The herniated intervertebral disc (HIVD) is the most common spinal disorder. The annulus fibrosus is damaged or weakens when an intervertebral disc is injured such that the nucleus pulposus bulges out or even extrudes posteriorly. This compresses the spinal cord or spinal nerves resulting in pain, paresthesia, muscle atrophy, weakness, and even paralysis, adversely affecting quality of life and ability to work [1, 2]. Severe HIVD frequently requires spinal surgery.
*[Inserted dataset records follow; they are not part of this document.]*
Section Cutsets.
Context {V : Type} (adj : V -> V -> Prop) (sg : simple_graph adj) (x : V).

Definition incident_edges (PiV : set V) : set (edge adj) :=
  [set e | exists2 y, PiV y & proj1_sig e y].

Definition endpoints (PiE : set (edge adj)) : set V :=
  [set y | exists2 e, PiE e & proj1_sig e y].

Lemma incident_edges_cutset PiV :
  vertex_cutset adj x PiV -> edge_cutset x (incident_edges PiV).
Proof.
apply: sub_finite_set => y /=; apply: clos_rt_mono => u v [e [nE [eu [ev uv]]]].
split; first exact: (edge_adj sg eu ev uv).
by split=> h; apply: nE; [exists u|exists v].
Qed.

Lemma endpoints_cutset PiE :
  edge_cutset x PiE -> vertex_cutset adj x (endpoints PiE).
Proof.
apply: sub_finite_set => y /=; apply: clos_rt_mono => u v [uv [nu _]].
have u_v := adj_neq sg uv.
exists (mk_edge uv); split; first by move=> PiEuv; apply: nu; exists (mk_edge uv) => //; left.
by split; [left|split; [right|]].
Qed.

End Cutsets.

Section ClusterWithoutEdge.
Context {V : Type} (adj : V -> V -> Prop) (c : edge adj -> bool) (e : edge adj).
Context (x : V).

Definition close_edge : edge adj -> bool := fun f => c f && `[< f <> e >].

Lemma cluster_close_edge_sub : Defs.cluster close_edge x `<=` Defs.cluster c x.
Proof.
move=> y; apply: clos_rt_mono => u v [f [cf uv]]; exists f; split => //.
by case/andP: cf.
Qed.

Lemma cluster_edges_close_edge y : proj1_sig e y -> c e ->
  Defs.cluster close_edge x y -> cluster_edges c x e.
Proof.
move=> ey ce /cluster_close_edge_sub xy; split => // z ez.
have [<-//|yz] := pselect (y = z).
by apply: rt_trans xy (rt_step _ _ _ _ _); exists e.
Qed.

Lemma cluster_close_edgeVedges y : Defs.cluster c x y ->
  Defs.cluster close_edge x y \/ cluster_edges c x e.
Proof.
move/clos_rt_rtn1_iff; elim=> [|u v [f [cf [fu [fv uv]]]] /clos_rt_rtn1_iff xu].
  by left; exact: rt_refl.
case=> [xu'|]; last by right.
have [fe|fe] := pselect (f = e); last first.
  left; apply: rt_trans xu' (rt_step _ _ _ _ _); exists f; split => //.
  by rewrite /close_edge cf asboolT.
right; subst f; split => // z ez.
case: (edge_mem_ends fu fv uv ez) => -> //.
by apply: rt_trans xu (rt_step _ _ _ _ _); exists e.
Qed.

End ClusterWithoutEdge.

Section ExtendedSums.
Local Open Scope ereal_scope.
Context {R : realType}.

Lemma natr_mulSe (k : nat) (a : \bar R) : 0 <= a ->
  (k.+1%:R)%:E * a = (k%:R)%:E * a + a.
Proof. by move=> a0; rewrite -addn1 natrD EFinD ge0_muleDl // mul1e. Qed.

Lemma sum_cst_seq (T : Type) (s : seq T) (c : \bar R) : 0 <= c ->
  \sum_(z <- s) c = ((size s)%:R)%:E * c.
Proof.
move=> c0; elim: s => [|a s IH]; first by rewrite big_nil mul0e.
by rewrite big_cons IH /= natr_mulSe // addeC.
Qed.

Lemma esumZnl (T : choiceType) (S : set T) (a : T -> \bar R) (k : nat) :
  (forall i, 0 <= a i) ->
  \esum_(i in S) ((k%:R)%:E * a i) = (k%:R)%:E * \esum_(i in S) a i.
Proof.
move=> a0; elim: k => [|k IH].
  by rewrite mul0e; apply: esum1 => i _; rewrite mul0e.
rewrite natr_mulSe; last exact: esum_ge0.
rewrite -IH -esumD //; first by apply: eq_esum => i _; rewrite natr_mulSe.
by move=> i _; apply: mule_ge0.
Qed.

Lemma le_esum_subset (T : choiceType) (S1 S2 : set T) (a : T -> \bar R) :
  (forall i, 0 <= a i) -> S1 `<=` S2 ->
  \esum_(i in S1) a i <= \esum_(i in S2) a i.
Proof.
move=> a0 sub; rewrite [leLHS]esum_mkcond [leRHS]esum_mkcond.
apply: le_esum => i _; case: ifPn => h; last by case: ifP.
by rewrite ifT //; move: h; rewrite !inE; exact: sub.
Qed.

Lemma le_esum_term (T : choiceType) (S : set T) (a : T -> \bar R) (t : T) :
  (forall i, 0 <= a i) -> S t -> a t <= \esum_(i in S) a i.
Proof.
by move=> a0 St; rewrite -(@esum_set1 R T t a (a0 t)); apply: le_esum_subset => // i ->.
Qed.
Lemma common_pos_radius (T : eqType) (R : realType) (P : T -> R -> Prop) (s : seq T) :
  (forall t r r', (0 < r')%R -> (r' <= r)%R -> P t r -> P t r') ->
  (forall t, t \in s -> exists2 r, (0 < r)%R & P t r) ->
  exists2 r, (0 < r)%R & forall t, t \in s -> P t r.
Proof.
move=> Pmono; elim: s => [|a s IH] Ps; first by exists 1%R.
have [ra ra0 Pa] := Ps a (mem_head _ _).
have [rs rs0 Pall] : exists2 r, (0 < r)%R & forall t, t \in s -> P t r.
  by apply: IH => t ts; apply: Ps; rewrite in_cons ts orbT.
have m0 : (0 < Num.min ra rs)%R by rewrite lt_min ra0 rs0.
exists (Num.min ra rs) => // t; rewrite in_cons => /orP[/eqP -> | ts].
  by apply: Pmono Pa; rewrite ?ge_min ?lexx.
by apply: Pmono (Pall t ts); rewrite ?ge_min ?lexx ?orbT.
Qed.

Section SeparatedSets.
Variables (R : realType) (G : countType) (X : Type) (act : G -> X -> X).

Lemma le_dist_F (r : X -> X -> R) (F : {fset G}) x y g :
  g \in F -> (r (act g x) (act g y) <= dist_F act r F x y)%R.
Proof. by move=> gF; apply: (le_bigmax_seq 0%R g). Qed.

Lemma dist_F_gt (r : X -> X -> R) (F : {fset G}) x y (eps : R) :
  (0 <= eps)%R -> (eps < dist_F act r F x y)%R ->
  exists2 g, g \in F & (eps < r (act g x) (act g y))%R.
Proof.
move=> eps0; apply: contraPP => nosep; apply/negP; rewrite -leNgt.
rewrite /dist_F big_seq; apply: bigmax_le => // g gF.
by rewrite leNgt; apply/negP => sep_g; apply: nosep; exists g.
Qed.

Lemma le_sep_num (r1 r2 : X -> X -> R) (F1 F2 : {fset G}) (e1 e2 : R) :
  (forall x y, (e1 < dist_F act r1 F1 x y)%R -> (e2 < dist_F act r2 F2 x y)%R) ->
  sep_num act r1 F1 e1 <= sep_num act r2 F2 e2.
Proof.
move=> sep12; apply: ereal_sup_le => _ [s /= rs <-]; exists s => //=.
by apply: sub_pairwise rs => x y /asboolP/sep12/asboolP.
Qed.

Lemma sep_num_ge1 (r : X -> X -> R) (F : {fset G}) (eps : R) (x : X) :
  1 <= sep_num act r F eps.
Proof. by apply: ereal_sup_ubound; exists [:: x]. Qed.
Lemma is_lim_seq_falling_scaled k : is_lim_seq (fun n => (/ INR n) ^ k * falling (INR n) k) 1.
Proof.
  induction k as [|k IH].
  - apply is_lim_seq_ext with (fun _ => 1); [intros; simpl; ring | apply is_lim_seq_const].
  - apply is_lim_seq_ext_loc with (fun n => (/ INR n) ^ k * falling (INR n) k * (1 - INR k * / INR n)).
    { exists 1%nat; intros n Hn; simpl; field; apply not_0_INR; lia. }
    replace (Finite 1) with (Finite (1 * (1 - INR k * 0))) by (f_equal; ring).
    apply is_lim_seq_mult'; [exact IH|].
    apply is_lim_seq_minus'; [apply is_lim_seq_const|].
    apply (is_lim_seq_scal_l _ _ (Finite 0)), is_lim_seq_inv_INR.
Qed.

Section ScaledMoments.

Variable a : R.
Hypothesis a_ge1 : 1 <= a.
Local Notation p := ((1 + a) / 2).
Local Notation q := ((1 - a) / 2).

Lemma scaled_moment_bounds n k : 0 <= moment p q (/ INR n) n k <= a ^ k.
Proof.
  split; [now apply moment_ge0, inv_INR_ge0|].
  eapply Rle_trans; [apply moment_le; [assumption | apply inv_INR_ge0]|].
  apply pow_incr; destruct n as [|n].
  - simpl; rewrite Rinv_0; lra.
  - rewrite Rmult_assoc, Rinv_l by (apply not_0_INR; lia); lra.
Qed.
Spondylodesis, or spinal fusion, is the common surgical method. Because the intervertebral disc does not regenerate, a spinal interbody fusion cage is implanted between two vertebrae to support the upper and the lower vertebrae and then fuses after a discectomy. Currently, using a polymeric polyetheretherketone (PEEK) spinal interbody cage is the most common technique. This is a radiolucent to X-rays and noncytotoxic material. In addition, its lower elastic modulus, which resembles that of human cancellous bone, avoids the stress shielding effect and prevents vertebral collapse and osteopenia syndrome [35]. Niu et al. [6] indicated that when a titanium (Ti) spinal interbody fusion cage was used, the vertebrae collapsed, enlarging the space between vertebrae and the possibility of cage dislodgement. The stress shielding effect is cited as the cause.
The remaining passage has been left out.